Ombudsmann Roger Blum kommt zum Schluss, dass hier Aussage gegen Aussage stehe. Es sei schlicht nicht überprüfbar, wie oft die CNN-Seite nicht aufrufbar sei. Daher entscheide er in «dubio pro reo» und schlage sich auf die Seite des Korrespondenten, der sich ja nicht weiter wehren könne, während dem Beanstander der Rechtsweg an die Unabhängige Beschwerdeinstanz für Radio und Fernsehen (UBI) offen stehe.
Der Status Tibets
In der beanstandeten «Kontext»-Sendung vom 20. August 2019 ging es um das Thema Flucht. Die Moderatorin spricht über eine vor sechzig Jahren aus Tibet geflohene Familie. «Damit war Tibet als eigenständiger Staat vorbei.» Diese Aussage sei falsch, so der Beanstander. Tibet sei zu keinem Zeitpunkt der modernen Geschichte jemals ein völkerrechtlich anerkannter Staat gewesen.

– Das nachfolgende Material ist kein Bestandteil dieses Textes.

(* Let $(P_n)_{n\ge0}$ be defined by $P_0(m)=m$ and $P_{n+1}(m)=P_n(m+1)+\sum_{i=0}^{n}P_i(m)P_{n-i}(m)$, and write $P_n(m)=\sum_{i=1}^{n+2}p^{(i)}_n m^{n+2-i}$, with $p^{(i)}_n=0$ for $i>n+2$. For every integer $i\ge 1$ let $a_i(z)=\sum_{n\ge 0}p^{(i)}_n z^n$ (a formal power series). Then the following equations hold: \[a_1=z a_1^2+1,\qquad a_1(0)=1,\] \[a_2=z a_1+2z a_1 a_2,\] and for every $i>2$, \[a_i=z^{i-1}\frac{a_1^{(i-2)}}{(i-2)!}+z^{i-2}\frac{a_1^{(i-3)}}{(i-3)!}+z^{i-2}\frac{a_2^{(i-3)}}{(i-3)!} +z\sum_{j=1}^{i-3}\sum_{k=0}^{i-3-j}(-1)^k\binom{k+j-1}{j-1}z^{i-3-j-k}\frac{a_{j+2}^{(i-3-j-k)}}{(i-3-j-k)!} +z\sum_{j=1}^{i}a_j\,a_{i-j+1}.\]
   Context: $f^{(k)}$ denotes the $k$-th (formal) derivative of $f$ with respect to $z$, $f^{(0)}=f$. The coefficient $p^{(i)}_n$ is the $i$-th leading coefficient of $P_n$ (which has degree $n+1$); equivalently $p^{(i)}_n=c_{n,n+2-i}$, the number of $(n+2-i)$-contexts of size $n$. *)

From HB Require Import structures.
From mathcomp Require Import all_boot all_order all_algebra.
Set Implicit Arguments. Unset Strict Implicit. Unset Printing Implicit Defensive.
Import Order.TTheory GRing.Theory Num.Theory.
Local Open Scope ring_scope.

Definition Pnext (s : seq {poly int}) : {poly int} :=
  (last 0 s) \Po ('X + 1) + \sum_(i < size s) s`_i * s`_(size s - 1 - i).

Fixpoint Pseq (n : nat) : seq {poly int} :=
  match n with
  | 0 => [:: 'X]
  | n'.+1 => rcons (Pseq n') (Pnext (Pseq n'))
  end.

Definition P (n : nat) : {poly int} := nth 0 (Pseq n) n.

Definition pcoef (i n : nat) : int :=
  if (1 <= i <= n.+2)%N then (P n)`_(n.+2 - i) else 0.

(* Formal power series over rat, as coefficient sequences. *)
Definition fps := nat -> rat.

Definition sadd (f g : fps) : fps := fun n => f n + g n.
Definition smul (f g : fps) : fps := fun n => \sum_(k < n.+1) f k * g (n - k)%N.
Definition sscale (c : rat) (f : fps) : fps := fun n => c * f n.
Definition sconst (c : rat) : fps := fun n => if n == 0%N then c else 0.
(* multiplication by z^k *)
Definition sXk (k : nat) (f : fps) : fps := fun n => if (k <= n)%N then f (n - k)%N else 0.
Definition sderiv (f : fps) : fps := fun n => f n.+1 * n.+1%:R.
Definition sderivn (k : nat) (f : fps) : fps := iter k sderiv f.
(* z^e * f^{(d)} / d! *)
Definition term (e d : nat) (f : fps) : fps :=
  sXk e (sscale (d`!%:R)^-1 (sderivn d f)).

Definition a (i : nat) : fps := fun n => (pcoef i n)%:~R.

(* p^(i)_n is the coefficient of m^i in the reversal m^(n+2) P_n(1/m) of P_n.
   Reversal is multiplicative and turns the shift m -> m + 1 into a binomial
   convolution, so the recursion of the P_n becomes
     p^(i+1)_(n+1) = sum_l C(n+2-l, i-l) p^(l)_n + sum_t sum_j p^(j)_t p^(i+2-j)_(n-t),
   which is the coefficient of z^(n+1) in the claimed equations: the n-th
   coefficient of z^e f^(e) / e! is C(n, e) f_n, and for l >= 3 the binomial
   C(n+2-l, i-l) is expanded into such coefficients by an alternating identity. *)

From HB Require Import structures.
From mathcomp Require Import all_boot all_order all_algebra.
From mathcomp Require Import zify ring.
From Stdlib Require Import FunctionalExtensionality.
Set Implicit Arguments. Unset Strict Implicit. Unset Printing Implicit Defensive.
Import Order.TTheory GRing.Theory Num.Theory.
Local Open Scope ring_scope.

Section Reversal.
Variable R : comNzRingType.
Implicit Types (p q : {poly R}) (d : nat).

Definition revp d p : {poly R} := \poly_(k < d.+1) p`_(d - k).

Lemma coef_revp d p k : (revp d p)`_k = if (k <= d)%N then p`_(d - k) else 0.
Proof. by rewrite coef_poly ltnS. Qed.

Lemma coef_revpS d p k : (revp d.+1 p)`_k.+1 = (revp d p)`_k.
Proof. by rewrite !coef_revp ltnS subSS. Qed.

Lemma revp0 d : revp d 0 = 0.
Proof. by apply/polyP => k; rewrite coef_revp !coef0; case: ifP. Qed.

Lemma revpD d : {morph revp d : p q / p + q}.
Proof. by move=> p q; apply/polyP => k; rewrite coefD !coef_revp coefD; case: ifP; rewrite ?addr0. Qed.

Lemma revp_sum d I (r : seq I) (P : pred I) (F : I -> {poly R}) :
  revp d (\sum_(i <- r | P i) F i) = \sum_(i <- r | P i) revp d (F i).
Proof. exact: (big_morph (revp d) (revpD d) (revp0 d)). Qed.

Lemma revpZ d c p : revp d (c *: p) = c *: revp d p.
Proof. by apply/polyP => k; rewrite coefZ !coef_revp coefZ; case: ifP; rewrite ?mulr0. Qed.

Lemma revpXn d m : (m <= d)%N -> revp d 'X^m = 'X^(d - m).
Proof.
move=> hm; apply/polyP => k; rewrite coef_revp !coefXn.
case: leqP => hk; last by rewrite (_ : (k == (d - m)%N) = false) //; apply/eqP; lia.
by rewrite (_ : ((d - k)%N == m) = (k == (d - m)%N)) //; apply/eqP/eqP; lia.
Qed.

Lemma poly_expand d p : (size p <= d.+1)%N -> p = \sum_(a < d.+1) p`_a *: 'X^a.
Proof.
move=> hp; rewrite -poly_def; apply/polyP => k; rewrite coef_poly.
by case: ltnP => // hk; rewrite nth_default // (leq_trans hp).
Qed.

Lemma revp_expand d p : (size p <= d.+1)%N -> revp d p = \sum_(a < d.+1) p`_a *: 'X^(d - a).
Proof.
move=> hp; rewrite {1}(poly_expand hp) revp_sum.
by apply: eq_bigr => a _; rewrite revpZ revpXn // -ltnS.
Qed.

Lemma revpM d1 d2 p q : (size p <= d1.+1)%N -> (size q <= d2.+1)%N ->
  revp (d1 + d2) (p * q) = revp d1 p * revp d2 q.
Proof.
move=> hp hq; rewrite (revp_expand hp) (revp_expand hq).
rewrite {1}(poly_expand hp) {1}(poly_expand hq) !mulr_suml revp_sum.
apply: eq_bigr => a _; rewrite !mulr_sumr revp_sum; apply: eq_bigr => b _.
rewrite -!scalerAl -!scalerAr !scalerA -!exprD revpZ revpXn; last first.
  by have := ltn_ord a; have := ltn_ord b; lia.
by congr (_ *: 'X^_); have := ltn_ord a; have := ltn_ord b; lia.
Qed.

Lemma coef_Xadd1_exp v u : ((('X + 1 : {poly R}) ^+ v)`_u) = ('C(v, u))%:R.
Proof.
elim: v u => [|v IH] u; first by rewrite expr0 coefC; case: u.
rewrite exprSr mulrDr mulr1 coefD coefMX.
by case: u => [|u] /=; rewrite ?add0r IH ?bin0 // !IH binS natrD addrC.
Qed.

Lemma coef_revp_shift d p k : (size p <= d.+1)%N ->
  (revp d (p \Po ('X + 1)))`_k = \sum_(l < k.+1) 'C(d - l, k - l)%:R * (revp d p)`_l.
Proof.
move=> hp; rewrite coef_revp; case: leqP => hk; last first.
  rewrite big1 // => l _; rewrite coef_revp; case: leqP => hl; last by rewrite mulr0.
  by rewrite bin_small ?mul0r //; have := ltn_ord l; lia.
rewrite coef_comp_poly; under eq_bigr do rewrite coef_Xadd1_exp.
rewrite (big_ord_widen d.+1 (fun v => p`_v * 'C(v, d - k)%:R) hp) big_mkcond /=.
rewrite (eq_bigr (fun v : 'I_d.+1 => p`_v * 'C(v, d - k)%:R)); last first.
  by move=> v _; case: ltnP => // hv; rewrite nth_default ?mul0r.
rewrite -(big_mkord xpredT (fun v => p`_v * 'C(v, d - k)%:R)) big_nat_rev /=.
rewrite (@big_cat_nat _ _ _ k.+1) //= [X in _ + X]big1_seq ?addr0; last first.
  move=> l /andP[_]; rewrite mem_index_iota => hl.
  by rewrite bin_small ?mulr0 //; lia.
rewrite big_mkord; apply: eq_bigr => l _; have := ltn_ord l => hl.
rewrite coef_revp (_ : l <= d)%N; last by lia.
by rewrite add0n subSS mulrC (_ : (d - k = d - l - (k - l))%N) ?bin_sub //; lia.
Qed.

End Reversal.

Section AlternatingBinomial.
Variable R : comPzRingType.

Let S J X d : R := \sum_(0 <= k < d.+1) (-1) ^+ k * 'C(k + J, J)%:R * 'C(X, d - k)%:R.

Let S_rec J X d : S J.+1 X d.+1 = S J X d.+1 - S J.+1 X d.
Proof.
rewrite /S (big_nat_recl d.+1) // (big_nat_recl d.+1) //= !add0n !binn !subn0.
rewrite !expr0 !mul1r -addrA; congr (_ + _).
rewrite -sumrB; apply: eq_bigr => k _.
rewrite !subSS !addSn !addnS binS natrD exprS -addnS; ring.
Qed.

Let S_J0 M d : S 0 M.+1 d = 'C(M, d)%:R.
Proof.
elim: d => [|d IH]; first by rewrite /S big_nat1 !bin0 expr0 !mul1r.
have -> : S 0 M.+1 d.+1 = 'C(M.+1, d.+1)%:R - S 0 M.+1 d.
  rewrite /S (big_nat_recl d.+1) //= !subn0 !addn0 !bin0 !expr0 !mul1r.
  congr (_ + _); rewrite -sumrN; apply: eq_bigr => k _.
  by rewrite !addn0 !bin0 subSS exprS; ring.
by rewrite IH binS natrD addrK.
Qed.

(* The coefficient identity behind (1 + z)^-(J+1) (1 + z)^(M+J+1) = (1 + z)^M. *)
Lemma alt_bin_convolution J M d :
  \sum_(0 <= k < d.+1) (-1) ^+ k * 'C(k + J, J)%:R * 'C(M + J.+1, d - k)%:R
  = 'C(M, d)%:R :> R.
Proof.
rewrite -/(S J (M + J.+1) d).
elim: J M d => [|J IH] M d; first by rewrite addn1 S_J0.
elim: d => [|d IHd]; first by rewrite /S big_nat1 !bin0 binn expr0 !mul1r.
by rewrite S_rec IHd -addSnnS IH binS natrD addrK.
Qed.

End AlternatingBinomial.

Lemma size_Pseq n : size (Pseq n) = n.+1.
Proof. by elim: n => //= n IH; rewrite size_rcons IH. Qed.

Lemma nth_Pseq n k : (k <= n)%N -> nth 0 (Pseq n) k = P k.
Proof.
elim: n => [|n IH] hk; first by move: hk; rewrite leqn0 => /eqP ->.
rewrite /= nth_rcons size_Pseq; case: ltnP => hk2; first exact: IH.
have -> : k = n.+1 by apply/eqP; rewrite eqn_leq hk.
by rewrite eqxx /P /= nth_rcons size_Pseq ltnn eqxx.
Qed.

Lemma P0 : P 0%N = 'X.
Proof. by []. Qed.

Lemma PS n : P n.+1 = P n \Po ('X + 1) + \sum_(i < n.+1) P i * P (n - i).
Proof.
rewrite {1}/P /= nth_rcons size_Pseq ltnn eqxx /Pnext size_Pseq.
rewrite -nth_last size_Pseq /= nth_Pseq // subn1 /=; congr (_ + _).
by apply: eq_bigr => i _; rewrite !nth_Pseq // ?leq_subr // -ltnS.
Qed.

Lemma size_P n : (size (P n) <= n.+2)%N.
Proof.
elim/ltn_ind: n => -[_|n IH]; first by rewrite P0 size_polyX.
rewrite PS (leq_trans (size_polyD _ _)) // geq_max; apply/andP; split.
  rewrite (leq_trans (size_comp_poly_leq _ _)) // -polyC1 size_XaddC muln1.
  by have := IH n (ltnSn n); lia.
rewrite (leq_trans (size_sum _ _ _)) //; apply/bigmax_leqP => i _.
rewrite (leq_trans (size_polyMleq _ _)) //.
have := IH i (ltn_ord i); have := IH (n - i)%N (leq_ltn_trans (leq_subr _ _) (ltnSn n)).
by have := ltn_ord i; lia.
Qed.

Lemma pcoefE i n : pcoef i n = (revp n.+2 (P n))`_i.
Proof.
rewrite /pcoef coef_revp; case: i => [|i] //=.
by rewrite subn0 nth_default // size_P.
Qed.

Lemma pcoef_rec N i : pcoef i.+1 N.+1 =
  \sum_(l < i.+1) 'C(N.+2 - l, i - l)%:R * pcoef l N
  + \sum_(t < N.+1) \sum_(j < i.+3) pcoef j t * pcoef (i.+2 - j) (N - t).
Proof.
rewrite !pcoefE PS revpD coefD coef_revpS coef_revp_shift; last exact: leqW (size_P _).
congr (_ + _); first by apply: eq_bigr => l _; rewrite pcoefE.
rewrite revp_sum coef_sum; apply: eq_bigr => t _.
have hN : N.+4 = (t.+2 + (N - t).+2)%N by have := ltn_ord t; lia.
rewrite -coef_revpS hN revpM ?coefM; try exact: leqW (size_P _).
by apply: eq_bigr => j _; rewrite !pcoefE.
Qed.

Lemma a1_0 : a 1 0%N = 1.
Proof. by rewrite /a /pcoef /= P0 coefX. Qed.

Lemma a2_0 : a 2 0%N = 0.
Proof. by rewrite /a /pcoef /= P0 coefX. Qed.

Lemma a_eq0 i n : (n.+2 < i)%N -> a i n = 0.
Proof. by move=> hi; rewrite /a /pcoef; case: ifP => //; lia. Qed.

Lemma smulC f g n : smul f g n = smul g f n.
Proof.
rewrite /smul -(big_mkord xpredT (fun k => f k * g (n - k)%N)).
rewrite -(big_mkord xpredT (fun k => g k * f (n - k)%N)) big_nat_rev /=.
apply: eq_big_nat => k /andP[_ hk]; rewrite add0n mulrC; congr (g _ * f _); lia.
Qed.

Lemma a_rec N i : a i.+1 N.+1 =
  \sum_(1 <= l < i.+1) 'C(N.+2 - l, i - l)%:R * a l N
  + \sum_(1 <= j < i.+2) smul (a j) (a (i.+2 - j)) N.
Proof.
rewrite /a pcoef_rec rmorphD !rmorph_sum; congr (_ + _).
  rewrite -(big_mkord xpredT (fun l => (('C(N.+2 - l, i - l)%:R * pcoef l N)%:~R : rat))).
  rewrite big_ltn //= mulr0 add0r.
  by apply: eq_big_nat => l _; rewrite rmorphM rmorph_nat.
under eq_bigr do rewrite rmorph_sum.
rewrite [LHS]exchange_big /=.
rewrite -(big_mkord xpredT (fun j => \sum_(t < N.+1) ((pcoef j t * pcoef (i.+2 - j) (N - t))%:~R : rat))).
rewrite big_ltn // big_nat_recr //= subnn.
rewrite [X in X + _]big1 ?add0r => [|t _]; last by rewrite mul0r.
rewrite [X in _ + X]big1 ?addr0 => [|t _]; last by rewrite mulr0.
by apply: eq_big_nat => j _; apply: eq_bigr => t _; rewrite rmorphM.
Qed.

Lemma sderivnE d f m : sderivn d f m = f (m + d)%N * ((m + d) ^_ d)%:R.
Proof.
elim: d f m => [|d IH] f m; first by rewrite /sderivn /= addn0 ffactn0 mulr1.
by rewrite /sderivn iterSr -/(sderivn d (sderiv f)) IH /sderiv addnS ffactSS natrM mulrA.
Qed.

Lemma term_diag d f n : term d d f n = 'C(n, d)%:R * f n.
Proof.
rewrite /term /sXk /sscale; case: leqP => h; last by rewrite bin_small // mul0r.
rewrite sderivnE subnK // -bin_ffact natrM.
have hf : (d`!%:R : rat) != 0 by rewrite pnatr_eq0 -lt0n fact_gt0.
by field.
Qed.

Lemma termSS e d f n : term e.+1 d f n.+1 = term e d f n.
Proof. by rewrite /term /sXk ltnS subSS. Qed.

Lemma a1_funeq : a 1 = sadd (sXk 1 (smul (a 1) (a 1))) (sconst 1).
Proof.
apply: functional_extensionality => -[|N]; first by rewrite /sadd /sXk /sconst /= a1_0 add0r.
by rewrite (a_rec N 0) big_geq // add0r big_nat1 /sadd /sXk /sconst /= !subn1 addr0.
Qed.

Lemma a2_funeq : a 2 = sadd (sXk 1 (a 1)) (sscale 2 (sXk 1 (smul (a 1) (a 2)))).
Proof.
apply: functional_extensionality => -[|N].
  by rewrite /sadd /sXk /sscale a2_0 /= mulr0 addr0.
rewrite (a_rec N 1) big_nat1 big_ltn // big_nat1 /sadd /sXk /sscale /=.
rewrite bin0 mul1r !subn1 (_ : (3 - 2)%N = 1%N) // (smulC (a 1) (a 2)); ring.
Qed.

Lemma bin_a_alt_term N I j : (1 <= j <= I)%N ->
  'C(N - j, I - j)%:R * a j.+2 N =
  \sum_(0 <= k < I.+1 - j)
     (-1) ^+ k * 'C(k + j - 1, j - 1)%:R * term (I - j - k) (I - j - k) (a j.+2) N.
Proof.
move=> /andP[hj1 hjI]; case: (leqP j N) => hjN; last first.
  rewrite a_eq0 ?mulr0; last by lia.
  by rewrite big1 // => k _; rewrite term_diag a_eq0 ?mulr0 //; lia.
have := alt_bin_convolution rat (j - 1) (N - j) (I - j).
rewrite (_ : (N - j + (j - 1).+1 = N)%N); last by lia.
rewrite (_ : (I.+1 - j = (I - j).+1)%N); last by lia.
move=> <-; rewrite mulr_suml; apply: eq_big_nat => k _.
by rewrite term_diag mulrA (_ : (k + j - 1 = k + (j - 1))%N) //; lia.
Qed.

Lemma a_funeq i : (2 < i)%N ->
  a i = fun n =>
    term (i - 1) (i - 2) (a 1) n
    + term (i - 2) (i - 3) (a 1) n
    + term (i - 2) (i - 3) (a 2) n
    + sXk 1 (fun m => \sum_(1 <= j < i - 2) \sum_(0 <= k < i - 2 - j)
          ((-1) ^+ k * ('C(k + j - 1, j - 1))%:R
           * term (i - 3 - j - k) (i - 3 - j - k) (a (j + 2)) m)) n
    + sXk 1 (fun m => \sum_(1 <= j < i.+1) smul (a j) (a (i - j + 1)) m) n.
Proof.
move=> hi; have [I ->] : exists I, i = I.+3 by exists (i - 3)%N; lia.
rewrite !subSS !subn0.
apply: functional_extensionality => -[|N]; first by rewrite a_eq0 // /term /sXk.
rewrite (a_rec N I.+2) !termSS !term_diag /sXk /= !subn1 /=.
rewrite big_ltn // big_ltn // -[3%N]/(1 + 2)%N big_addn subSS subn0.
rewrite (eq_big_nat _ _ (F1 := fun j => smul (a j) (a (I.+4 - j)) N)
                        (F2 := fun j => smul (a j) (a (I.+3 - j + 1)) N)); last first.
  by move=> j /andP[_ hj]; congr (smul _ (a _) N); lia.
congr (_ + _).
rewrite (eq_big_nat _ _ (F2 := fun j => \sum_(0 <= k < I.+1 - j)
      ((-1) ^+ k * 'C(k + j - 1, j - 1)%:R * term (I - j - k) (I - j - k) (a (j + 2)) N))); last first.
  by move=> j /andP[hj1 hj2]; rewrite addn2 -bin_a_alt_term ?subSS //; lia.
rewrite !subSS !subn0 binS natrD; ring.
Qed.

Theorem theorem1 :
  [/\ a 1 = sadd (sXk 1 (smul (a 1) (a 1))) (sconst 1),
      a 1 0%N = 1,
      a 2 = sadd (sXk 1 (a 1)) (sscale 2 (sXk 1 (smul (a 1) (a 2))))
    & forall i : nat, (2 < i)%N ->
      a i = fun n =>
        term (i - 1) (i - 2) (a 1) n
        + term (i - 2) (i - 3) (a 1) n
        + term (i - 2) (i - 3) (a 2) n
        + sXk 1 (fun m => \sum_(1 <= j < i - 2) \sum_(0 <= k < i - 2 - j)
              ((-1) ^+ k * ('C(k + j - 1, j - 1))%:R
               * term (i - 3 - j - k) (i - 3 - j - k) (a (j + 2)) m)) n
        + sXk 1 (fun m => \sum_(1 <= j < i.+1) smul (a j) (a (i - j + 1)) m) n].
Proof. split; [exact: a1_funeq | exact: a1_0 | exact: a2_funeq | exact: a_funeq]. Qed.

Eine Frage der Perspektive
Sandra Leis, Leiterin der Redaktion Kultur und Gesellschaft bei Radio SRF 2 Kultur, verfasste die Stellungnahme für die «Kontext»-Redaktion. Sie wies darin auf die verschiedenen Perspektiven auf Tibet hin. So gebe es in diesem Konflikt zwei Perspektiven: eine chinesische und eine tibetische. Der Beanstander, der in Peking lebt, argumentiere aus chinesischer und völkerrechtlicher Sicht. Dem gegenüber habe Moderatorin Maya Brändli mit Blick auf ihren tibetischen Gast die tibetische Sichtweise eingenommen. Die vom Dalai Lama geleitete Exilregierung in Indien vertrete die Auffassung, dass Tibet zum Zeitpunkt der Invasion durch die chinesische Volksbefreiungsarmee ein unabhängiger und voll funktionsfähiger Staat gewesen sei. Leis äussert sich jedoch auch selbstkritisch und hält fest, dass die Redaktion künftig bestrebt sein wird, «in solch delikaten Fragen beide Sichtweisen abzubilden oder zumindest darauf hinweisen, dass es unterschiedliche Perspektiven gebe.»
Keine Anerkennung
Roger Blum stützt die Argumentation von Sandra Leis und führt in einem kurzen historischen Abriss aus, warum der Status Tibets umstritten ist. Die Aussage, dass die Selbständigkeit Tibets 1959 zu Ende gegangen sei, sei allerdings nicht richtig, so Blum. So habe 1913 der damalige Dalai Lama zwar die Unabhängigkeit Tibets verkündet. Allerdings sei diese durch keinen anderen Staat förmlich anerkannt worden. Blum bezeichnet infolgedessen die Aussage von Frau Brändli, 1959 sei das Ende Tibets als unabhängiger Staat gewesen, als «klitzekleinen Fehler», weshalb er die Beanstandung teilweise unterstützt.